Below are the records; give again exactly the line with "rewrite windowS /=; case E: (x i);", the line with "Lemma card_words_le (b", and each line that lies between them, and nothing besides.
──────
Lemma count_admissible_le : exists2 C : R, 1 <= C & forall n, (count (admissible b) (bitseqs n))%:R <= C * x ^+ n.
Proof.
set k := (1 - q)^-1; have k0 : 0 < k by rewrite invr_gt0 subr_gt0.
have x1 : 0 < x - 1 by rewrite subr_gt0.
exists (1 + k * x / (x - 1)); first by rewrite lerDl divr_ge0 ?mulr_ge0 ?ltW.
move=> n; rewrite count_admissible natrD natr_sum.
have geom : \sum_(m < n) x ^+ m.+1 = x * (x ^+ n - 1) / (x - 1).
  rewrite subrX1 mulrCA [(x - 1) * _]mulrC mulfK ?gt_eqF // mulr_sumr.
  by apply: eq_bigr => i _; rewrite exprS.
have : \sum_(m < n) (adm_count b 0 m)%:R <= \sum_(m < n) x ^+ m.+1 * k.
  by apply: ler_sum => m _; exact: adm_count0_le.
rewrite -mulr_suml geom.
have xn : 1 <= x ^+ n by rewrite exprn_ege1 ?ltW.
have c0 : 0 <= k * x / (x - 1) by rewrite divr_ge0 ?mulr_ge0 ?ltW.
move: (x ^+ n) xn => X xn S.
suff : x * (X - 1) / (x - 1) * k <= k * x / (x - 1) * X by lra.
have -> : x * (X - 1) / (x - 1) * k = k * x / (x - 1) * (X - 1) by ring.
by rewrite ler_wpM2l // gerBl.
Qed.

End UpperBound.

Section GapPoints.
Variable b : nat -> bool.

Definition gap_seq (p : int -> int) : Prop :=
  forall j : int, exists2 n : nat, b n & p (j + 1) = p j + n%:Z + 1.

Definition ones_at (p : int -> int) (x : bipoint) : Prop :=
  forall i : int, x i = true <-> exists j, p j = i.

Variable p : int -> int.
Hypothesis p_gap : gap_seq p.

Lemma gap_seq_homo : {homo p : i j / i < j}.
Proof.
have step k i : p i < p (i + k.+1%:Z).
  elim: k => [|k IHk]; first by have [n _ ->] := p_gap i; lia.
  have -> : i + k.+2%:Z = i + k.+1%:Z + 1 by lia.
  by have [n _ ->] := p_gap (i + k.+1%:Z); lia.
move=> i j lt_ij; case E: (j - i - 1) => [k|k]; last by lia.
by have -> : j = i + k.+1%:Z by lia.
Qed.

Lemma gap_seq_leE i j : (p i <= p j) = (i <= j).
Proof. exact: (le_mono gap_seq_homo). Qed.

Lemma gap_seq_ltE i j : (p i < p j) = (i < j).
Proof. by rewrite !ltNge gap_seq_leE. Qed.

Lemma gap_seq_gap x (u : int) (j : nat) : ones_at p x ->
  x u -> x (u + j.+1%:Z) -> (forall t : nat, (0 < t <= j)%N -> x (u + t%:Z) = false) -> b j.
Proof.
move=> Hx /Hx[t0 E0] /Hx[t1 E1] zeros.
have [n bn En] := p_gap t0.
have n_le_j : (n <= j)%N.
  rewrite leqNgt; apply/negP => jn.
  have := gap_seq_ltE t1 (t0 + 1); have := gap_seq_ltE t0 t1; rewrite En E0 E1; lia.
case: (ltngtP n j) n_le_j => [nj|//|<- //] _.
have : x (u + n.+1%:Z) by apply/Hx; exists (t0 + 1); rewrite En E0; lia.
by rewrite zeros //; lia.
Qed.

Definition window (x : bipoint) (i : int) (m : nat) : bitseq :=
  [seq x (i + k%:Z) | k <- iota 0 m].

Lemma windowS x i m : window x i m.+1 = x i :: window x (i + 1) m.
Proof.
rewrite /window /= addr0 (iotaDl 1 0) -map_comp.
by congr cons; apply: eq_map => k /=; congr x; lia.
Qed.

Lemma admissible_from_window x : ones_at p x -> forall m (u : int) (j : nat), x u ->
  (forall t : nat, (0 < t <= j)%N -> x (u + t%:Z) = false) ->
  admissible_from b j (window x (u + j.+1%:Z) m).
Proof.
move=> Hx; elim=> [|m IHm] u j xu zeros //.
rewrite windowS /=; case E: (x (u + j.+1%:Z)).
  rewrite (gap_seq_gap Hx xu E zeros) /=.
  by apply: IHm => // t; lia.
have -> : u + j.+1%:Z + 1 = u + j.+2%:Z by lia.
apply: IHm => // t /andP[t0 tj]; case: (ltngtP t j.+1) => [tj'|tj'|->] //; last by lia.
by apply: zeros; lia.
Qed.

Lemma admissible_window x : ones_at p x -> forall m i, admissible b (window x i m).
Proof.
move=> Hx; elim=> [|m IHm] i //.
rewrite windowS /=; case E: (x i); last exact: IHm.
by apply: (admissible_from_window Hx m (j := 0) E) => t; lia.
Qed.

End GapPoints.

Lemma words_admissible (b : nat -> bool) n (w : n.-tuple bool) :
  w \in words (gap_shift [set k | b k]) n -> admissible b w.
Proof.
rewrite /words finset.inE => /asboolP [x [p [Hp Hx]] [i Hw]].
have -> : val w = window x i n.
  rewrite -[val w](map_tnth_enum w) /window -val_enum_ord -map_comp.
  by apply: eq_map => k /=; rewrite Hw.
exact: (admissible_window Hp Hx).
Qed.

Lemma card_words_le (b : nat -> bool) n :
  (#|words (gap_shift [set k | b k]) n| <= count (admissible b) (bitseqs n))%N.
Proof.
rewrite -card_tuple_bitseqs; apply/subset_leq_card/fintype.subsetP => w Hw.
by rewrite finset.inE; exact: words_admissible.
Qed.

Lemma card_words_le_geom (R : realFieldType) (b : nat -> bool) (x q : R) :
  1 < x -> q < 1 -> (forall N, gap_psum b x N <= q) ->
  exists2 C : R, 1 <= C & forall n, #|words (gap_shift [set k | b k]) n|%:R <= C * x ^+ n.
Proof.
move=> x1 q1 Fq; have [C C1 HC] := count_admissible_le x1 q1 Fq.
by exists C => // n; apply: le_trans (HC n); rewrite ler_nat card_words_le.
Qed.

Lemma mulz_out_0m (m t : int) : 0 < m -> t * m <= 0 \/ m <= t * m.
Proof.
move=> m0; have [t0|t1] : t <= 0 \/ 1 <= t by lia.
  by left; nia.
by right; nia.
Qed.

Section Realizable.
Variable b : nat -> bool.

(* [w] is read off some point of X(S) from a position carrying a one. *)
Definition realizable (w : bitseq) : Prop :=
  exists p, gap_seq b p /\ (exists j, p j = 0) /\
    forall k : nat, (k < size w)%N -> nth false w k = `[< exists j, p j = k%:Z >].

Lemma realizable_words n (w : n.-tuple bool) :
  realizable w -> w \in words (gap_shift [set k | b k]) n.
Proof.
move=> [p [Hp [_ Hw]]]; rewrite finset.inE; apply/asboolP.
exists (fun i => `[< exists j, p j = i >]).
  by exists p; split => // i; split => [/asboolP|/asboolP].
by exists 0 => k; rewrite (tnth_nth false) Hw ?size_tuple.
Qed.

Lemma card_words_ge n :
  (count (fun w => `[< realizable w >]) (bitseqs n) <= #|words (gap_shift [set k | b k]) n|)%N.
Proof.
rewrite -card_tuple_bitseqs; apply/subset_leq_card/fintype.subsetP => w.
by rewrite finset.inE => /asboolP; exact: realizable_words.
Qed.

Lemma realizable_one_gap m j : b m -> (j <= m)%N -> realizable (true :: nseq j false).
Proof.
move=> bm jm; exists (fun t => t * m.+1%:Z); split.
  by move=> t; exists m => //; rewrite mulrDl mul1r; lia.
split; first by exists 0; rewrite mul0r.
move=> [|k] /=; rewrite size_nseq => lt.
  by symmetry; apply/asboolP; exists 0; rewrite mul0r.
rewrite nth_nseq if_same; symmetry; apply/asboolF => -[t pt].
by have := @mulz_out_0m m.+1%:Z t isT; lia.
Qed.

Lemma nth_nseq_cat (j k : nat) (s : bitseq) :
  nth false (nseq j false ++ s) k = if (k < j)%N then false else nth false s (k - j).
Proof. by rewrite nth_cat size_nseq nth_nseq; case: (k < j)%N. Qed.

Lemma realizable_cons j w :
  b j -> realizable (true :: w) -> realizable (true :: nseq j false ++ true :: w).
Proof.
move=> bj [p [Hp [[t0 pt0] Hw]]].
have p_lt0 t : t < t0 -> p t < 0 by rewrite -pt0 (gap_seq_ltE Hp).
have p_ge0 t : t0 <= t -> 0 <= p t by rewrite -pt0 (gap_seq_leE Hp).
(* shift the old ones right by j+1 and put ones at -(j+1)k, k >= 0, before them *)
pose p' t := if t < t0 then (t - t0 + 1) * j.+1%:Z else p t + j.+1%:Z.
have p'_le0 t : t < t0 -> p' t <= 0 by move=> t_lt; rewrite /p' t_lt; nia.
have p'_ge t : t0 <= t -> p' t = p t + j.+1%:Z by move=> t_ge; rewrite /p' ltNge t_ge.
have p'_pred : p' (t0 - 1) = 0 by rewrite /p' (_ : t0 - 1 < t0); [nia | lia].
exists p'; split.
  move=> t; have [h|[h|h]] : t + 1 < t0 \/ t + 1 = t0 \/ t0 <= t by lia.
  - by exists j => //; rewrite /p' h (_ : t < t0); [nia | lia].
  - by exists j => //; rewrite p'_ge ?h // /p' (_ : t < t0); [rewrite pt0; nia | lia].
  - by have [n bn En] := Hp t; exists n => //; rewrite !p'_ge ?En //; lia.
split; first by exists (t0 - 1).
move=> [|k] /=; rewrite ?size_cat ?size_nseq => lt.
  by symmetry; apply/asboolP; exists (t0 - 1).
rewrite nth_nseq_cat; case: ifP => kj.
  symmetry; apply/asboolF => -[t E].
  have [h|h] : t < t0 \/ t0 <= t by lia.
    by have := p'_le0 t h; lia.
  by have := p_ge0 t h; rewrite p'_ge // in E; lia.
rewrite Hw; last by rewrite /= in lt *; lia.
apply: asbool_equiv_eq; split => -[t E].
  have h : t0 <= t by rewrite leNgt; apply/negP => /p_lt0; lia.
  by exists t; rewrite p'_ge //; lia.
have [h|h] : t < t0 \/ t0 <= t by lia.
  by have := p'_le0 t h; lia.
by exists t; rewrite p'_ge // in E; lia.
Qed.

End Realizable.

Section LowerBound.
Variable b : nat -> bool.

Definition real_count (j n : nat) : nat :=
  count (fun w => `[< realizable b (true :: nseq j false ++ w) >]) (bitseqs n).

Lemma real_countS j n : (real_count j.+1 n + b j * real_count 0 n <= real_count j n.+1)%N.
Proof.
have nseqS (w : bitseq) : nseq j false ++ false :: w = nseq j.+1 false ++ w.
  by elim: (j) => //= i ->.
rewrite /real_count count_bitseqsS; apply: leq_add.
  by apply/eq_leq/eq_count => w; rewrite /= nseqS.
case bj: (b j); rewrite ?mul1n ?mul0n //.
by apply: sub_count => w /asboolP Hw; apply/asboolP; exact: realizable_cons.
Qed.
──────
*Reply to the exercise*:
rewrite windowS /=; case E: (x i); last exact: IHm.
by apply: (admissible_from_window Hx m (j := 0) E) => t; lia.
Qed.

End GapPoints.

Lemma words_admissible (b : nat -> bool) n (w : n.-tuple bool) :
  w \in words (gap_shift [set k | b k]) n -> admissible b w.
Proof.
rewrite /words finset.inE => /asboolP [x [p [Hp Hx]] [i Hw]].
have -> : val w = window x i n.
  rewrite -[val w](map_tnth_enum w) /window -val_enum_ord -map_comp.
  by apply: eq_map => k /=; rewrite Hw.
exact: (admissible_window Hp Hx).
Qed.

Lemma card_words_le (b : nat -> bool) n :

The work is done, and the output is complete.